Web Frameworks: Background CPU tasks (e.g., PDF generation, hashing) no longer block the main request thread.
Scientific Computing: Complex simulations can use multiple cores on a shared in-memory dataset instead of slow inter-process communication.

Compatibility & Migration

Will this break your code? Short answer: No, but you might now see race conditions that were previously hidden by the GIL.

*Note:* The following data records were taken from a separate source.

Lemma msum_balance f g f' g' N :
  (forall v, v < N -> f v + g v = f' v + g' v) ->
  msum f N + msum g N = msum f' N + msum g' N.
Proof.
  induction N as [|N IH]; intros H; simpl; [reflexivity|].
  assert (Hlow := IH (fun v Hv => H v (Nat.lt_lt_succ_r _ _ Hv))).
  specialize (H N (Nat.lt_succ_diag_r N)). lia.
Qed.

Lemma msum_single c i N :
  msum (fun v => if v =? i then c else 0) N = if i <? N then c else 0.
Proof. induction N as [|N IH]; simpl; [reflexivity|]. rewrite IH. nat_cases. Qed.

Lemma pigeonhole m N (f : nat -> nat) :
  (forall i, i < m -> f i < N) ->
  (forall i i', i < m -> i' < m -> f i = f i' -> i = i') -> m <= N.
Proof.
  intros Hrange Hinj.
  rewrite <- (length_seq m 0), <- (length_map f), <- (length_seq N 0).
  apply NoDup_incl_length.
  - apply Injective_map_NoDup_in; [|apply seq_NoDup].
    intros i i' Hi Hi'; apply in_seq in Hi, Hi'; apply Hinj; lia.
  - intros v Hv. apply in_map_iff in Hv as [i [<- Hi]]. apply in_seq in Hi.
    apply in_seq. specialize (Hrange i). lia.
Qed.

Section Homomorphisms.
Variables (n : nat) (A : HSig).

Definition same_top (x y : A -> nat) : Prop :=
  forall a, x a = n - 1 <-> y a = n - 1.
Definition top_incl (x y : A -> nat) : Prop :=
  forall a, x a = n - 1 -> y a = n - 1.

Lemma hom_order x a b :
  is_hom n A x -> (x a <= x b <-> x (himp A a b) = n - 1).
Proof.
  intros (Hb & _ & _ & _ & _ & Hi). rewrite Hi. unfold Cimp.
  specialize (Hb a). destruct (Nat.leb_spec (x a) (x b)); lia.
Qed.

Lemma hom_postcomp (R : nat -> Prop) (psi : nat -> nat) x :
  is_hom n A x -> (forall a, R (x a)) ->
  psi 0 = 0 -> psi (n - 1) = n - 1 ->
  (forall u, u < n -> R u -> psi u < n) ->
  (forall u v, u <= v < n -> R u -> R v -> psi u <= psi v) ->
  (forall u v, v < u < n -> R u -> R v -> psi v < psi u \/ psi v = n - 1) ->
  is_hom n A (fun a => psi (x a)).
Proof.
  intros (Hb & H0 & Ht & Hm & Hj & Hi) HR P0 P1 Pb Pmon Pstr.
  assert (Mon : forall a b, x a <= x b -> psi (x a) <= psi (x b))
    by (intros a b h; apply Pmon; [split; [exact h | apply Hb] | apply HR | apply HR]).
  split; [|split; [|split; [|split; [|split]]]].
  - intros a. apply Pb; auto.
  - rewrite H0; exact P0.
  - rewrite Ht; exact P1.
  - intros a b. rewrite Hm.
    destruct (Nat.le_ge_cases (x a) (x b)) as [h|h]; pose proof (Mon _ _ h);
      [rewrite (Nat.min_l _ _ h) | rewrite (Nat.min_r _ _ h)]; lia.
  - intros a b. rewrite Hj.
    destruct (Nat.le_ge_cases (x a) (x b)) as [h|h]; pose proof (Mon _ _ h);
      [rewrite (Nat.max_r _ _ h) | rewrite (Nat.max_l _ _ h)]; lia.
  - intros a b. rewrite Hi. unfold Cimp.
    destruct (Nat.leb_spec (x a) (x b)) as [h|h].
    + rewrite P1. pose proof (Mon _ _ h).
      destruct (Nat.leb_spec (psi (x a)) (psi (x b))); lia.
    + destruct (Nat.leb_spec (psi (x a)) (psi (x b))); [|reflexivity].
      destruct (Pstr (x a) (x b)); auto; lia.
Qed.

(* The partial map g_i, made total: level i+1 drops to the empty level i. *)
Definition close_gap (i t : nat) : nat := if t =? i + 1 then i else t.
Definition truncate (j t : nat) : nat := if j <=? t then n - 1 else t.
Definition raise_level (u t : nat) : nat := if t =? u then n - 2 else t.

Lemma close_gap_hom x i :
  is_hom n A x -> i + 2 < n -> (forall a, x a <> i) ->
  is_hom n A (fun a => close_gap i (x a)).
Proof.
  intros Hx Hi Hgap.
  apply (hom_postcomp (fun t => t <> i)); auto; unfold close_gap;
    intros; nat_cases.
Qed.

Lemma truncate_hom x j :
  is_hom n A x -> 1 <= j -> is_hom n A (fun a => truncate j (x a)).
Proof.
  intros Hx Hj.
  apply (hom_postcomp (fun _ => True)); auto; unfold truncate; intros; nat_cases.
Qed.

Lemma raise_level_hom x u :
  is_hom n A x -> 1 <= u <= n - 2 -> (forall a, x a <= u \/ x a = n - 1) ->
  is_hom n A (fun a => raise_level u (x a)).
Proof.
  intros Hx Hu Hrange.
  apply (hom_postcomp (fun t => t <= u \/ t = n - 1)); auto; unfold raise_level;
    intros; nat_cases.
Qed.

Pure Python: Runs unchanged, but you must protect shared mutable state yourself when using threads.
C-extensions: Must be rebuilt with free-threading support. Many major libraries (NumPy, Pandas, PyTorch) already provide experimental builds.
Async: Unaffected—async is I/O-bound, not CPU-bound.
Ecosystem: Support is accelerating as the Python 3.14 timeline approaches.

Summary

PEP 703 represents years of engineering effort. Key takeaways:

True Parallelism: Python can now execute multiple threads at the same time on different CPU cores.
Redesigned Internals: Reference counting, memory allocation, container safety, and GC were upgraded for multi-threading.
Performance Reality: ~10% slower for purely single-threaded workloads, but massive multi-core acceleration for CPU-heavy tasks.
Status: Free-threaded Python is available in Python 3.13 (as an experimental build) and continues as an optional GIL-less build in Python 3.14.

Disclaimer: The views and opinions expressed in this blog are solely those of the author and do not represent the views of any organization or any individual with whom the author may be associated, professionally or personally.